ABOUT THIS TASK: Among the entries below, find the line with "Definition join_all (V", then quote it and each following line up to and including the line with "move=> cols solq", and nothing else.

INFORMATION:
*****
(* Let $n\ge1$, $m=2^n$, let $\mathcal{B}$ be the boolean algebra of rank $r\ge1$, and let $A\subsetneq\{0,1\}^n$ with $a=|A|$. If $m-a\le r$, then the solution set $Y=V_{\mathcal{B}}(S_A)$ of the orthogonal system $S_A$ is irreducible over $\mathcal{B}$.
   Context: A finite boolean algebra of rank $r$ is (isomorphic to) the power set algebra of an $r$-element set, in the language $\{\vee,\cdot,\bar{\ },0,1\}$. Orthogonal variables: $Z=\{z_\alpha:\alpha\in\{0,1\}^n\}$, $|Z|=m=2^n$. For $A\subseteq\{0,1\}^n$ the orthogonal system is $$S_A=\{z_\alpha=0\mid\alpha\in A\}\cup\{z_\alpha z_\beta=0\mid \alpha\ne\beta\}\cup\{\textstyle\bigvee_{\alpha}z_\alpha=1\}.$$ $V_{\mathcal{B}}(S)\subseteq\mathcal{B}^m$ is the solution set of $S$. A subset of $\mathcal{B}^m$ is algebraic if it is the solution set of some system of equations $t=s$ ($t,s$ terms in $Z$). A nonempty algebraic set is irreducible if it is not a finite union of proper algebraic subsets. *)

From HB Require Import structures.
From mathcomp Require Import all_boot.
Set Implicit Arguments. Unset Strict Implicit. Unset Printing Implicit Defensive.

Inductive term (V : Type) : Type :=
| TVar  of V
| TJoin of term V & term V
| TMeet of term V & term V
| TCompl of term V
| TZero
| TOne.
Arguments TZero {V}.
Arguments TOne {V}.

(* The boolean algebra of rank r: the power-set algebra of an r-element set,
   represented as {set 'I_r}. *)
Definition BA (r : nat) := {set 'I_r}.

(* Points of B^Z: assignments of elements of B to the variables. *)
Definition point (V : finType) (r : nat) := {ffun V -> {set 'I_r}}.

Fixpoint eval (V : finType) (r : nat) (p : point V r) (t : term V) : {set 'I_r} :=
  match t with
  | TVar v => p v
  | TJoin t1 t2 => eval p t1 :|: eval p t2
  | TMeet t1 t2 => eval p t1 :&: eval p t2
  | TCompl t1 => ~: eval p t1
  | TZero => set0
  | TOne => setT
  end.

Definition equation (V : Type) := (term V * term V)%type.
Definition system (V : Type) := equation V -> Prop.

Definition pset (V : finType) (r : nat) := point V r -> Prop.
Definition pset_eq (V : finType) (r : nat) (X Y : pset V r) : Prop :=
  forall p, X p <-> Y p.
Definition pset_sub (V : finType) (r : nat) (X Y : pset V r) : Prop :=
  forall p, X p -> Y p.
Definition pset_proper (V : finType) (r : nat) (X Y : pset V r) : Prop :=
  pset_sub X Y /\ ~ pset_eq X Y.
Definition pset_nonempty (V : finType) (r : nat) (Y : pset V r) : Prop :=
  exists p, Y p.
Definition pset_bigcup (V : finType) (r k : nat) (F : 'I_k -> pset V r) : pset V r :=
  fun p => exists i, F i p.

Definition solset (V : finType) (r : nat) (S : system V) : pset V r :=
  fun p => forall e, S e -> eval p e.1 = eval p e.2.

Definition algebraic (V : finType) (r : nat) (Y : pset V r) : Prop :=
  exists S : system V, pset_eq Y (solset S).

Definition irreducible (V : finType) (r : nat) (Y : pset V r) : Prop :=
  algebraic Y /\ pset_nonempty Y /\
  forall (k : nat) (F : 'I_k -> pset V r),
    (forall i, algebraic (F i) /\ pset_proper (F i) Y) ->
    ~ pset_eq (pset_bigcup F) Y.

(* Index set {0,1}^n of the orthogonal variables z_alpha. *)
Definition cube (n : nat) := {ffun 'I_n -> bool}.

Definition join_all (V : finType) : term V :=
  foldr (fun v t => TJoin (TVar v) t) TZero (enum V).

Definition orth_system (n : nat) (A : {set cube n}) : system (cube n) :=
  fun e =>
    (exists2 al, al \in A & e = (TVar al, TZero)) \/
    (exists al be, al != be /\ e = (TMeet (TVar al) (TVar be), TZero)) \/
    e = (join_all (cube n), TOne).

(* Every equation is checked coordinatewise: an element i of the r-element set
   gives the boolean point "column i" of p, and p satisfies t = s iff every
   column does.  A solution of S_A is exactly a point whose columns are
   singletons [set b] with b outside A.  Since at most r values b occur, a
   single solution q has all of them among its columns; any system satisfied
   by q is then satisfied by every solution, so q lies in no proper algebraic
   subset of Y, and Y cannot be a finite union of such subsets. *)
From mathcomp Require Import all_boot.

Set Implicit Arguments.
Unset Strict Implicit.
Unset Printing Implicit Defensive.

Definition column (V : finType) (r : nat) (p : point V r) (i : 'I_r) : {set V} :=
  [set v | i \in p v].

Lemma eval_column (V : finType) (r r' : nat) (p : point V r) (q : point V r')
    (i : 'I_r) (j : 'I_r') :
  column p i = column q j -> forall t, (i \in eval p t) = (j \in eval q t).
Proof.
move=> /setP eq_col; have {}eq_col v : (i \in p v) = (j \in q v).
  by have := eq_col v; rewrite !inE.
elim=> /= [v | t1 IH1 t2 IH2 | t1 IH1 t2 IH2 | t IH | |].
- exact: eq_col.
- by rewrite !in_setU IH1 IH2.
- by rewrite !in_setI IH1 IH2.
- by rewrite !in_setC IH.
- by rewrite !in_set0.
- by rewrite !in_setT.
Qed.

Lemma solset_columns (V : finType) (r r' : nat) (S : system V)
    (p : point V r) (q : point V r') :
  (forall i, exists j, column p i = column q j) -> solset S q -> solset S p.
Proof.
move=> cols solq e Se; apply/setP => i; have [j col_ij] := cols i.
by rewrite !(eval_column col_ij) (solq e Se).
Qed.

Lemma irreducible_of_generic_point (V : finType) (r : nat) (Y : pset V r)
    (q : point V r) :
  algebraic Y -> Y q -> (forall S, solset S q -> pset_sub Y (solset S)) ->
  irreducible Y.
Proof.
move=> algY Yq generic; do 2![split=> //]; first by exists q.
move=> k F HF cover; have [i Fq] := proj2 (cover q) Yq.
have [[S eqFS] [subFY neqFY]] := HF i.
apply: neqFY => p; split; first exact: subFY.
by move=> /(generic S (proj1 (eqFS q) Fq)) /eqFS.
Qed.

Lemma in_eval_join_all (V : finType) (r : nat) (p : point V r) (i : 'I_r) :
  (i \in eval p (join_all V)) = [exists v, i \in p v].
Proof.
rewrite /join_all; have -> : [exists v, i \in p v] = has (fun v => i \in p v) (enum V).
  by apply/existsP/hasP => [[v iv] | [v _ iv]]; exists v; rewrite ?mem_enum.
by elim: (enum V) => [|v s IH] /=; rewrite ?in_set0 // in_setU IH.
Qed.

Lemma orth_solsetP (n r : nat) (A : {set cube n}) (p : point (cube n) r) :
  solset (orth_system A) p <->
  forall i, exists2 b, b \notin A & column p i = [set b].
Proof.
split=> [solp i | cols].
  have zeroA al : al \in A -> p al = set0.
    by move=> Aal; apply: (solp (TVar al, TZero)); left; exists al.
  have disj al be : al != be -> p al :&: p be = set0.
    by move=> neq; apply: (solp (TMeet (TVar al) (TVar be), TZero)); right; left; exists al, be.
  have : i \in eval p (join_all (cube n)).
    by rewrite (solp (join_all (cube n), TOne)) ?inE //; right; right.
  rewrite in_eval_join_all => /existsP [b ib]; exists b.
    by apply: contraL ib => /zeroA ->; rewrite inE.
  apply/setP => v; rewrite !inE; have [<- // | neq] := eqVneq b v.
  apply/negbTE/negP => iv.
  by have /setP/(_ i) := disj b v neq; rewrite !inE ib iv.
move=> e [[al Aal ->] | [[al [be [neq ->]]] | ->]] /=; apply/setP => i.
- have [b nAb /setP/(_ al)] := cols i; rewrite !inE => ->.
  by apply/negbTE; apply: contraNN nAb => /eqP <-.
- have [b _ /setP col] := cols i; have := col al; have := col be; rewrite !inE.
  by move=> -> ->; apply/negbTE; apply: contra neq => /andP [/eqP -> /eqP ->].
- have [b _ /setP/(_ b)] := cols i; rewrite !inE eqxx in_eval_join_all => ib.
  by apply/existsP; exists b.
Qed.

Definition cover_point (V : finType) (r : nat) (x0 : V) (s : seq V) : point V r :=
  [ffun v => [set j : 'I_r | nth x0 s j == v]].

Lemma column_cover_point (V : finType) (r : nat) (x0 : V) (s : seq V) (j : 'I_r) :
  column (cover_point r x0 s) j = [set nth x0 s j].
Proof. by apply/setP => v; rewrite !inE ffunE inE eq_sym. Qed.

Lemma cover_point_covers (V : finType) (r : nat) (x0 : V) (s : seq V) (b : V) :
  (size s <= r)%N -> b \in s -> exists j, column (cover_point r x0 s) j = [set b].
Proof.
move=> le_sr sb; have lt_br : (index b s < r)%N by rewrite (leq_trans _ le_sr) ?index_mem.
by exists (Ordinal lt_br); rewrite column_cover_point nth_index.
Qed.

Theorem lemma1 (n r : nat) (A : {set cube n}) :
  (1 <= n)%N -> (1 <= r)%N ->
  A \proper [set: cube n] ->
  (2 ^ n - #|A| <= r)%N ->
  irreducible (@solset (cube n) r (orth_system A)).
Proof.
move=> _ _ /properP [_ [a0 _ nAa0]] le_r; set s := enum (~: A).
have mem_s b : (b \in s) = (b \notin A) by rewrite mem_enum inE.
have le_sr : (size s <= r)%N.
  by rewrite -cardE -(leq_add2l #|A|) cardsC card_ffun card_bool card_ord -leq_subLR.
have solq : solset (orth_system A) (cover_point r a0 s).
  apply/orth_solsetP => j; exists (nth a0 s j); last exact: column_cover_point.
  by rewrite -mem_s; case: (ltnP j (size s)) => [/mem_nth | /(nth_default a0)] ->; rewrite ?mem_s.
apply: (irreducible_of_generic_point _ solq) => [|S solqS p /orth_solsetP colp].
  by exists (orth_system A).
apply: solset_columns solqS => i; have [b nAb ->] := colp i.
have sb : b \in s by rewrite mem_s.
by have [j <-] := cover_point_covers a0 le_sr sb; exists j.
Qed.
Definition is_basis (K : fieldType) (n : nat) (v : 'I_n -> 'rV[K]_n) :=
  (\matrix_i v i) \in unitmx.

Definition is_dual_basis (K : fieldType) (n : nat) (v vd : 'I_n -> 'rV[K]_n) :=
  forall i j, pairing (vd i) (v j) = (i == j)%:R.

(* The hypothesis u.v = psi^2(u).v is what makes L^o a representation of g(V)
   on V^* ([Lo_commbr]), so that h = g(V) |x V^* is a Hom-Lie algebra.  For a
   skew tensor r, [r,r] = 0 reduces to a cyclic identity for r^# : a |-> phi^*(a) r;
   r1 has block matrix [[0,-1],[1,0]], r2 = r1 phi^2, and both satisfy that
   identity by direct expansion.  For (b), Delta = ad r is a 1-cocycle for every
   phi-symmetric r once h is weakly involutive, and weak involutivity also gives
   ad_x (r phi^2) = ad_x r, so r1 and r2 induce the same Delta.  The dual bracket
   induced by r1 is the bracket of h transported along the swap
   V (+) V^* -> V^* (+) V, hence again a weakly involutive Hom-Lie algebra. *)

From mathcomp Require Import all_boot all_order all_algebra ring.
From Stdlib Require Import FunctionalExtensionality.
Set Implicit Arguments. Unset Strict Implicit. Unset Printing Implicit Defensive.
Import GRing.Theory.
Local Open Scope ring_scope.

Section RowLinear.
Variables (K : fieldType) (m : nat).
Implicit Types (f : 'rV[K]_m -> 'rV[K]_m) (x y : 'rV[K]_m).

Lemma lin0 f : linear f -> f 0 = 0.
Proof.
move=> Hf; have := Hf 1 0 0; rewrite !scale1r addr0 => /eqP.
by rewrite eq_sym -subr_eq0 addrK => /eqP.
Qed.

Lemma linD f : linear f -> forall x y, f (x + y) = f x + f y.
Proof. by move=> Hf x y; have := Hf 1 x y; rewrite !scale1r. Qed.

Lemma linN f : linear f -> forall x, f (- x) = - f x.
Proof. by move=> Hf x; have := Hf (-1) x 0; rewrite !addr0 lin0 // addr0 !scaleN1r. Qed.

Lemma linB f : linear f -> forall x y, f (x - y) = f x - f y.
Proof. by move=> Hf x y; rewrite linD // linN. Qed.

Lemma linZ f : linear f -> forall c x, f (c *: x) = c *: f x.
Proof. by move=> Hf c x; have := Hf c x 0; rewrite !addr0 lin0 // addr0. Qed.

Lemma lin_sum f (c : 'I_m -> K) (X : 'I_m -> 'rV[K]_m) : linear f ->
  f (\sum_i c i *: X i) = \sum_i c i *: f (X i).
Proof.
move=> Hf; apply: (big_rec2 (fun u w => f u = w)); first exact: lin0.
by move=> i u w _ <-; rewrite Hf.
Qed.

Lemma lin_ev_expand f x : linear f -> f x = \sum_j x 0 j *: f (ev K j).
Proof. by move=> Hf; rewrite {1}[x]row_sum_delta lin_sum. Qed.
End RowLinear.

Section Pairing.
Variables (K : fieldType) (m : nat).
Implicit Types (xi x y : 'rV[K]_m) (A : 'M[K]_m).

Lemma pairingE xi x : pairing xi x = \sum_k xi 0 k * x 0 k.
Proof. by rewrite /pairing !mxE; apply: eq_bigr => k _; rewrite mxE. Qed.

Lemma pairingC xi x : pairing xi x = pairing x xi.
Proof. by rewrite !pairingE; apply: eq_bigr => k _; rewrite mulrC. Qed.

Lemma pairingDr xi x y : pairing xi (x + y) = pairing xi x + pairing xi y.
Proof. by rewrite !pairingE -big_split; apply: eq_bigr => k _; rewrite mxE mulrDr. Qed.

Lemma pairingZr xi c x : pairing xi (c *: x) = c * pairing xi x.
Proof. by rewrite !pairingE mulr_sumr; apply: eq_bigr => k _; rewrite mxE mulrCA. Qed.

Lemma pairingNr xi x : pairing xi (- x) = - pairing xi x.
Proof. by rewrite -scaleN1r pairingZr mulN1r. Qed.

Lemma pairingBr xi x y : pairing xi (x - y) = pairing xi x - pairing xi y.
Proof. by rewrite pairingDr pairingNr. Qed.

Lemma pairing0r xi : pairing xi 0 = 0.
Proof. by rewrite pairingE big1 // => k _; rewrite mxE mulr0. Qed.

Lemma pairingDl xi x y : pairing (x + y) xi = pairing x xi + pairing y xi.
Proof. by rewrite !(pairingC _ xi) pairingDr. Qed.

Lemma pairingZl xi c x : pairing (c *: x) xi = c * pairing x xi.
Proof. by rewrite !(pairingC _ xi) pairingZr. Qed.

Lemma pairingNl xi x : pairing (- x) xi = - pairing x xi.
Proof. by rewrite !(pairingC _ xi) pairingNr. Qed.

Lemma pairingBl xi x y : pairing (x - y) xi = pairing x xi - pairing y xi.
Proof. by rewrite !(pairingC _ xi) pairingBr. Qed.

Lemma pairing0l xi : pairing 0 xi = 0.
Proof. by rewrite pairingC pairing0r. Qed.

Lemma pairing_evr j x : pairing x (ev K j) = x 0 j.
Proof.
rewrite pairingE (bigD1 j) //= big1 ?addr0 => [|k kj]; first by rewrite mxE !eqxx mulr1.
by rewrite mxE (negbTE kj) andbF mulr0.
Qed.

Lemma pairing_evl j x : pairing (ev K j) x = x 0 j.
Proof. by rewrite pairingC pairing_evr. Qed.

Lemma pairing_sumr xi (c : 'I_m -> K) (X : 'I_m -> 'rV[K]_m) :
  pairing xi (\sum_k c k *: X k) = \sum_k c k * pairing xi (X k).
Proof.
apply: (big_rec2 (fun u w => pairing xi u = w)); first exact: pairing0r.
by move=> i u w _ <-; rewrite pairingDr pairingZr.
Qed.

Lemma pairing_mulmxl xi x A : pairing (xi *m A) x = pairing xi (x *m A^T).
Proof. by rewrite /pairing trmx_mul trmxK mulmxA. Qed.

Lemma pairing_trmxl xi x A : pairing (xi *m A^T) x = pairing xi (x *m A).
Proof. by rewrite pairing_mulmxl trmxK. Qed.

Lemma pairing_trmxr xi x A : pairing x (xi *m A^T) = pairing xi (x *m A).
Proof. by rewrite pairingC pairing_trmxl. Qed.

Lemma pairing_ext xi eta : (forall x, pairing xi x = pairing eta x) -> xi = eta.
Proof. by move=> H; apply/rowP => j; rewrite -!pairing_evr. Qed.
End Pairing.

Lemma pairing_row (K : fieldType) (p q : nat) (a c : 'rV[K]_p) (b d : 'rV[K]_q) :
  pairing (row_mx a b) (row_mx c d) = pairing a c + pairing b d.
Proof. by rewrite /pairing tr_row_mx mul_row_col mxE. Qed.

Lemma row_mx_split (K : fieldType) (p q : nat) (x : 'rV[K]_(p + q)) :
  exists u xi, x = row_mx u xi.
Proof. by exists (lsubmx x), (rsubmx x); rewrite hsubmxK. Qed.

Section TensorMatrix.
Variables (K : fieldType) (m : nat).
Implicit Types (f g : 'rV[K]_m -> 'rV[K]_m) (F G T Phi r : 'M[K]_m).

Lemma tappE f g F G T :
  (forall i, f (ev K i) = ev K i *m F) -> (forall j, g (ev K j) = ev K j *m G) ->
  tapp f g T = F^T *m T *m G.
Proof.
move=> Hf Hg; rewrite /tapp [in RHS](matrix_sum_delta T) mulmx_sumr mulmx_suml.
apply: eq_bigr => i _; rewrite mulmx_sumr mulmx_suml; apply: eq_bigr => j _.
rewrite Hf Hg /tens trmx_mul -scalemxAr -scalemxAl; congr (_ *: _).
by rewrite -(mul_delta_mx (0 : 'I_1)) -trmx_delta !mulmxA.
Qed.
*****
THE ANSWER:
Definition join_all (V : finType) : term V :=
  foldr (fun v t => TJoin (TVar v) t) TZero (enum V).

Definition orth_system (n : nat) (A : {set cube n}) : system (cube n) :=
  fun e =>
    (exists2 al, al \in A & e = (TVar al, TZero)) \/
    (exists al be, al != be /\ e = (TMeet (TVar al) (TVar be), TZero)) \/
    e = (join_all (cube n), TOne).

(* Every equation is checked coordinatewise: an element i of the r-element set
   gives the boolean point "column i" of p, and p satisfies t = s iff every
   column does.  A solution of S_A is exactly a point whose columns are
   singletons [set b] with b outside A.  Since at most r values b occur, a
   single solution q has all of them among its columns; any system satisfied
   by q is then satisfied by every solution, so q lies in no proper algebraic
   subset of Y, and Y cannot be a finite union of such subsets. *)
From mathcomp Require Import all_boot.

Set Implicit Arguments.
Unset Strict Implicit.
Unset Printing Implicit Defensive.

Definition column (V : finType) (r : nat) (p : point V r) (i : 'I_r) : {set V} :=
  [set v | i \in p v].

Lemma eval_column (V : finType) (r r' : nat) (p : point V r) (q : point V r')
    (i : 'I_r) (j : 'I_r') :
  column p i = column q j -> forall t, (i \in eval p t) = (j \in eval q t).
Proof.
move=> /setP eq_col; have {}eq_col v : (i \in p v) = (j \in q v).
  by have := eq_col v; rewrite !inE.
elim=> /= [v | t1 IH1 t2 IH2 | t1 IH1 t2 IH2 | t IH | |].
- exact: eq_col.
- by rewrite !in_setU IH1 IH2.
- by rewrite !in_setI IH1 IH2.
- by rewrite !in_setC IH.
- by rewrite !in_set0.
- by rewrite !in_setT.
Qed.

Lemma solset_columns (V : finType) (r r' : nat) (S : system V)
    (p : point V r) (q : point V r') :
  (forall i, exists j, column p i = column q j) -> solset S q -> solset S p.
Proof.
move=> cols solq e Se; apply/setP => i; have [j col_ij] := cols i.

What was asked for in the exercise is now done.